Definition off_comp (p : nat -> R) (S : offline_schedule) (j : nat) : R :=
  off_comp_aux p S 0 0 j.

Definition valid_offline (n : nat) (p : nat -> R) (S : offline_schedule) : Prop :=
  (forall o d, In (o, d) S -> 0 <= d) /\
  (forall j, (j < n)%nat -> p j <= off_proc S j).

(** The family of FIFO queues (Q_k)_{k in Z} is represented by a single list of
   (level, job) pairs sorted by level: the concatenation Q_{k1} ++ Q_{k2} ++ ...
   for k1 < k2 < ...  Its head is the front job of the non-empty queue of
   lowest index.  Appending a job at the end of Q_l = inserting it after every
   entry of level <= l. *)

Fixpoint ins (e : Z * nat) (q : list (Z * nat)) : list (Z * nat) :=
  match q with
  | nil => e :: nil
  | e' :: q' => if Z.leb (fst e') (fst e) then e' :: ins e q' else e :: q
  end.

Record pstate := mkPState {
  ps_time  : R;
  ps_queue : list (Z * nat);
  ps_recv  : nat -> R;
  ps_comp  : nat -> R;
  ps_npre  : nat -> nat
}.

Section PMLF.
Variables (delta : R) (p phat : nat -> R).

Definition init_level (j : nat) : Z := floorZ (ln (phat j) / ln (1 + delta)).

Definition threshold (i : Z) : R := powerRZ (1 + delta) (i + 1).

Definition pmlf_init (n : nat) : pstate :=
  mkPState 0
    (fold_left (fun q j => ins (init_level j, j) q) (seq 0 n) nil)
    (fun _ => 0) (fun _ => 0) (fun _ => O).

—————

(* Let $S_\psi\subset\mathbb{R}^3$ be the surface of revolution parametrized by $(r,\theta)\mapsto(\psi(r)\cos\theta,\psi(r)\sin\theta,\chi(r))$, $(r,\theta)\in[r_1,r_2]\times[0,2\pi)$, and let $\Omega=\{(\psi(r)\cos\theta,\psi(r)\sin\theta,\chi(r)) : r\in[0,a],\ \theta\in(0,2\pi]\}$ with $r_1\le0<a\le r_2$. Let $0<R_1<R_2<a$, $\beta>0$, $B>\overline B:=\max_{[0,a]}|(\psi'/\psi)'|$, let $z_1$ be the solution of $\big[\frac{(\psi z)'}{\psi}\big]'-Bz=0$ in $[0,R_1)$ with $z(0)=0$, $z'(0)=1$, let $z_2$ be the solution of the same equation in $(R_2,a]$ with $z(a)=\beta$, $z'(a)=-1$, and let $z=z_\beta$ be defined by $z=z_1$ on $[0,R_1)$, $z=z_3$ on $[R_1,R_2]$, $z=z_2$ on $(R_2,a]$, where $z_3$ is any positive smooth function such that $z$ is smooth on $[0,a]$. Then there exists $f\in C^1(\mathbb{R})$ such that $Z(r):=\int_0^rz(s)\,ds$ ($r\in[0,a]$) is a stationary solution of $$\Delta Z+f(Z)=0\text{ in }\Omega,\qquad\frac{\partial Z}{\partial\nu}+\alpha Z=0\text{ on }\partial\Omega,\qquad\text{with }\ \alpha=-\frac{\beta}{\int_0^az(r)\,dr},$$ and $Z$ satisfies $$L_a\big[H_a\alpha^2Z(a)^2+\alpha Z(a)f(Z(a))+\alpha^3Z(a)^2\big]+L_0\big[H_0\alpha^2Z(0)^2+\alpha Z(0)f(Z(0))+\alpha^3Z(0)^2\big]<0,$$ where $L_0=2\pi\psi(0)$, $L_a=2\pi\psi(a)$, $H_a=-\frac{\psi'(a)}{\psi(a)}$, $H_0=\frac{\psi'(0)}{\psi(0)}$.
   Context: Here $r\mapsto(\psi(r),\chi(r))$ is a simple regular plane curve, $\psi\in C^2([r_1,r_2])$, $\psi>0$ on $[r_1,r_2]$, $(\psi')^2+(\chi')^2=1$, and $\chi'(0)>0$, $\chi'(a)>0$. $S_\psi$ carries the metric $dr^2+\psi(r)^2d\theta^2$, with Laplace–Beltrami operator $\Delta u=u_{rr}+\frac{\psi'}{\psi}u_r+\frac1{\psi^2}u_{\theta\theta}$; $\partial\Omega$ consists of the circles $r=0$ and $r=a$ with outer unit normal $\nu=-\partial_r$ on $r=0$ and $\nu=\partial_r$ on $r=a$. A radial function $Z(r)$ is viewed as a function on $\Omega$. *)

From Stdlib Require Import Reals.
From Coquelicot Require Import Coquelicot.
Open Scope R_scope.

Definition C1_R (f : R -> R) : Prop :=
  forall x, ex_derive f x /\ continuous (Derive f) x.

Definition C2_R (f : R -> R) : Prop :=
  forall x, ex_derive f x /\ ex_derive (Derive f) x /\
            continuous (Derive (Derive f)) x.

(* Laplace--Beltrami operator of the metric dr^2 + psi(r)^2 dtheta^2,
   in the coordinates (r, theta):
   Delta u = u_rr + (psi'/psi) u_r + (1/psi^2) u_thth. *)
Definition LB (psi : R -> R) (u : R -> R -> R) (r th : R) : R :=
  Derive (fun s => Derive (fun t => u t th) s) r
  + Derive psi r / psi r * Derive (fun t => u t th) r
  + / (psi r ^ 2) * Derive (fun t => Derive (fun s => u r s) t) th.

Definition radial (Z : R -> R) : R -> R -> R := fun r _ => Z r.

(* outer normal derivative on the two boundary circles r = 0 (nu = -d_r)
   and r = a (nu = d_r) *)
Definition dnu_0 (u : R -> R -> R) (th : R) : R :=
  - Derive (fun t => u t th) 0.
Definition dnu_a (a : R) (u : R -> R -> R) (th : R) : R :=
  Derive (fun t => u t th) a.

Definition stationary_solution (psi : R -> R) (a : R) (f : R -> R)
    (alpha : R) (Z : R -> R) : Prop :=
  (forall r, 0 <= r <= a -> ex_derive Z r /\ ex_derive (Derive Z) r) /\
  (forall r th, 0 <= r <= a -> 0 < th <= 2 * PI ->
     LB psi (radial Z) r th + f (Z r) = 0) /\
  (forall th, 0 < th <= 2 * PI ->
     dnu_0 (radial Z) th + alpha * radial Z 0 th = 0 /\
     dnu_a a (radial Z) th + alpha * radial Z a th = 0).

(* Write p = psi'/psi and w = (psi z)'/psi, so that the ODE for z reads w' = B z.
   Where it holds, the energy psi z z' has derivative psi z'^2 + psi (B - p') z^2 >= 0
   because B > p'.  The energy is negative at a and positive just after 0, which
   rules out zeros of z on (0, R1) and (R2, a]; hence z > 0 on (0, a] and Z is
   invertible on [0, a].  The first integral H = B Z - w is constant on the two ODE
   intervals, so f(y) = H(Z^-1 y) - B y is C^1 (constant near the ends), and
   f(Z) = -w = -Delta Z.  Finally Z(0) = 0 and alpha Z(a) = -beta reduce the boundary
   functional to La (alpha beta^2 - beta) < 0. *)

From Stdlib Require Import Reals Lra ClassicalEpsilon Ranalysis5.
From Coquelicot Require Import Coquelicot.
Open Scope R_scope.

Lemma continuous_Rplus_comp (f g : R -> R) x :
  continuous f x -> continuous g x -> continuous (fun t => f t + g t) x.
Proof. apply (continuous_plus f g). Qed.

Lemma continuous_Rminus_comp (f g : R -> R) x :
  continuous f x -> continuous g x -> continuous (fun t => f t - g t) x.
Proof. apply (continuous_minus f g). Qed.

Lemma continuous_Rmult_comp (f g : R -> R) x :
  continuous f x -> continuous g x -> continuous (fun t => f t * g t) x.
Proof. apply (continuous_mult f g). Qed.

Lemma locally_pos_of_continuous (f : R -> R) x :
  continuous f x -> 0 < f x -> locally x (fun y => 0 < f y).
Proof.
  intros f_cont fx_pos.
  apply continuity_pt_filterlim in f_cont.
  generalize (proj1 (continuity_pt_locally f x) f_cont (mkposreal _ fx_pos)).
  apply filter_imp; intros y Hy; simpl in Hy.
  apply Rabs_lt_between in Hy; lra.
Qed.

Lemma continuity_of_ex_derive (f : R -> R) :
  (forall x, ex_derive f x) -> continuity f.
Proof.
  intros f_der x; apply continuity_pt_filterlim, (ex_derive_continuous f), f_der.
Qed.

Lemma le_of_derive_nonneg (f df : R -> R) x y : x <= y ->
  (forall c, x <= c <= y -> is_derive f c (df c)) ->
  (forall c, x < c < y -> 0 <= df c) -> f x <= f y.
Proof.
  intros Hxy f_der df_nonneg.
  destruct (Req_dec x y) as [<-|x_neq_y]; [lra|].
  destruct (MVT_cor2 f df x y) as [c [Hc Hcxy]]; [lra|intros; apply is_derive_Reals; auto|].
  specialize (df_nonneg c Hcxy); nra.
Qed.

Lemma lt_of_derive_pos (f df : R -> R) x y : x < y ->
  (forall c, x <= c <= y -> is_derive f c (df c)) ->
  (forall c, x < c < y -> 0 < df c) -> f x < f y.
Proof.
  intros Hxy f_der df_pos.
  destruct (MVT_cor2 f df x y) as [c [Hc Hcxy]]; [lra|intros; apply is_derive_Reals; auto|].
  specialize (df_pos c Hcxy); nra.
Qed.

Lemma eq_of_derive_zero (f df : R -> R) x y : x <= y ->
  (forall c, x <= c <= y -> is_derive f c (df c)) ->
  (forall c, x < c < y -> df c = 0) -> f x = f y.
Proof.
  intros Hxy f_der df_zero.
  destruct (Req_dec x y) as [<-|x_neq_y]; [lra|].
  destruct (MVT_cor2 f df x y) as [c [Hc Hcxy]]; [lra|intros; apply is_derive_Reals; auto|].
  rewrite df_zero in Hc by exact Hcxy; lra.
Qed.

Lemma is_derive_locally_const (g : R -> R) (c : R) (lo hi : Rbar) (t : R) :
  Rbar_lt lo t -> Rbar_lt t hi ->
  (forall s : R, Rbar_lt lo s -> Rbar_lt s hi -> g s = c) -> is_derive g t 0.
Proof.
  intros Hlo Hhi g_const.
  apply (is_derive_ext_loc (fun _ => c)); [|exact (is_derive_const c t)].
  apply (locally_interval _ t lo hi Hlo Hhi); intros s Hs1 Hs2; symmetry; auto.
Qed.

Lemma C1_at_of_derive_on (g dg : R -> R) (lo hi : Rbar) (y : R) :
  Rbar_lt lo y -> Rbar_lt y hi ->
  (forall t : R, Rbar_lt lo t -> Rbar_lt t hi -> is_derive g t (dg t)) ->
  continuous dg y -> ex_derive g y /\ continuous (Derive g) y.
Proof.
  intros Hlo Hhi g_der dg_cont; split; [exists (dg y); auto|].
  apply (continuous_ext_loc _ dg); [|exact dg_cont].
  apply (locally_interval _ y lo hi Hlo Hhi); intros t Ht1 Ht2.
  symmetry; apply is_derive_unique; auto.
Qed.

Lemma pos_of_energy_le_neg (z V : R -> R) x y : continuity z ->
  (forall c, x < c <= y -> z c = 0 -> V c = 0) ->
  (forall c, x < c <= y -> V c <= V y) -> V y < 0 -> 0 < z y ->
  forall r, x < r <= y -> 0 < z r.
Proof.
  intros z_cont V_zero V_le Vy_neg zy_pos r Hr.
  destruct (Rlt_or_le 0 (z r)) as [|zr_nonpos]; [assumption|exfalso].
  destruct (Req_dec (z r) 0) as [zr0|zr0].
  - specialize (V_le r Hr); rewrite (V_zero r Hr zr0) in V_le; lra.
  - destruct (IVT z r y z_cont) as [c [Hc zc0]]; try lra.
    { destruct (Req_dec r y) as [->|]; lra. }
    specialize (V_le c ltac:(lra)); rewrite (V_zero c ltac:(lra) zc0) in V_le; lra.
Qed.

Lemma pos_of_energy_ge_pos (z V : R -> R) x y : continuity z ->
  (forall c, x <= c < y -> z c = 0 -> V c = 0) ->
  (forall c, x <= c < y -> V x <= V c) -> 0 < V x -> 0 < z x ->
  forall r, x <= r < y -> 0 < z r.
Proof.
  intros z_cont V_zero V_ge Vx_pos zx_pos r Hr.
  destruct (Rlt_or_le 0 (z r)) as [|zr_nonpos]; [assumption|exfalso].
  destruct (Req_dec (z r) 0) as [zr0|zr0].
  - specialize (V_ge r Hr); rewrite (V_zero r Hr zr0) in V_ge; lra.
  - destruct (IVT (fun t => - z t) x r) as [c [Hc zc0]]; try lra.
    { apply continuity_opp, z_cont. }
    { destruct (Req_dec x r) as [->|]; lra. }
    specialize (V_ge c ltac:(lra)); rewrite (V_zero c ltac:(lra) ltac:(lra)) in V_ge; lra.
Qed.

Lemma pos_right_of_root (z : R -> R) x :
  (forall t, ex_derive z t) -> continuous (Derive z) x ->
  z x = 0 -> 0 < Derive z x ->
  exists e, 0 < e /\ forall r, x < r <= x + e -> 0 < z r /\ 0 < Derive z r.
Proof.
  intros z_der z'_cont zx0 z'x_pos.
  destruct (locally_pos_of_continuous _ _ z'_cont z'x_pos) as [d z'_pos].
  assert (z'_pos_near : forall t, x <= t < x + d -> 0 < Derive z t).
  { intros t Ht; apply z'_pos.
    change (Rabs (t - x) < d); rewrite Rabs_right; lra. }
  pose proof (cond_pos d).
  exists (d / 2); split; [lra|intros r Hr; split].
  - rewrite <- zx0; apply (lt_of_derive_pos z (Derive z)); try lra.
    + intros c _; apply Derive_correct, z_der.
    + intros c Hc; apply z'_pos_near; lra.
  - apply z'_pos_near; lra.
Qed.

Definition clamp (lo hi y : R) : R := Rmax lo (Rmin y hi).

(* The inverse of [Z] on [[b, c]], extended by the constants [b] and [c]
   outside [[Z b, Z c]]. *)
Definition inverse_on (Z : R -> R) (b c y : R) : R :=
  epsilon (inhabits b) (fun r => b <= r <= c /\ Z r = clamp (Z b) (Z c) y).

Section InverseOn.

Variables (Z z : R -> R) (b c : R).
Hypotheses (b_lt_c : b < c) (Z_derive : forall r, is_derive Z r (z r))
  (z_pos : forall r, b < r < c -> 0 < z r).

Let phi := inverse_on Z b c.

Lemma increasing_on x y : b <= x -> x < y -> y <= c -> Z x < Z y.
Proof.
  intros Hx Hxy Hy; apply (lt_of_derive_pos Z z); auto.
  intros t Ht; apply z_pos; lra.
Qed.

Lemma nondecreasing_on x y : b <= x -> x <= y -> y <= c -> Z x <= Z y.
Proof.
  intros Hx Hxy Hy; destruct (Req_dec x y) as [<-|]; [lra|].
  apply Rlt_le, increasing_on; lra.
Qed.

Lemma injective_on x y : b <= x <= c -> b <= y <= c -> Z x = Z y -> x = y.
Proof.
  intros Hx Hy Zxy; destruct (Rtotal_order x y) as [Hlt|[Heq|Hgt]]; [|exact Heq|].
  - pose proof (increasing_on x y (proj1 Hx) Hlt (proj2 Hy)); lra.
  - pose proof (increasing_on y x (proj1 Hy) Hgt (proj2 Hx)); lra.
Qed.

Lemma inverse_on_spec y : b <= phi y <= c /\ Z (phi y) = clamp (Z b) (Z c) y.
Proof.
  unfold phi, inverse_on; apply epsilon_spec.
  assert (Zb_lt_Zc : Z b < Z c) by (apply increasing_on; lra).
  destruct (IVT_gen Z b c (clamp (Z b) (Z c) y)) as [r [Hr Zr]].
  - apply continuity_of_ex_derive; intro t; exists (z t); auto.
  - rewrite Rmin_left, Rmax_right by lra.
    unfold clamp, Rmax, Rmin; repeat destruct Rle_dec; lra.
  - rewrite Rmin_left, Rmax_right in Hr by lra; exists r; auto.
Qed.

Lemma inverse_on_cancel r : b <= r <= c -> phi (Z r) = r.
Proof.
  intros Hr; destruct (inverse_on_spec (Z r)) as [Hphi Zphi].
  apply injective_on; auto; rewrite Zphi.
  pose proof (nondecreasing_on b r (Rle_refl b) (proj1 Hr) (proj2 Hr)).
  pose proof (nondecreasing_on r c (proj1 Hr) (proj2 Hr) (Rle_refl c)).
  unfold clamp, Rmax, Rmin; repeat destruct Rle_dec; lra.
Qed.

—————

** DIRECTIONS FOR THIS TASK **
I'd like the lines above from the one with "Definition init_level (j" up to and including the one with "(fun _ => 0) (fun _ => 0) (fun _ => O)." copied exactly, with no other lines.

** OUTPUT **
Definition init_level (j : nat) : Z := floorZ (ln (phat j) / ln (1 + delta)).

Definition threshold (i : Z) : R := powerRZ (1 + delta) (i + 1).

Definition pmlf_init (n : nat) : pstate :=
  mkPState 0
    (fold_left (fun q j => ins (init_level j, j) q) (seq 0 n) nil)
    (fun _ => 0) (fun _ => 0) (fun _ => O).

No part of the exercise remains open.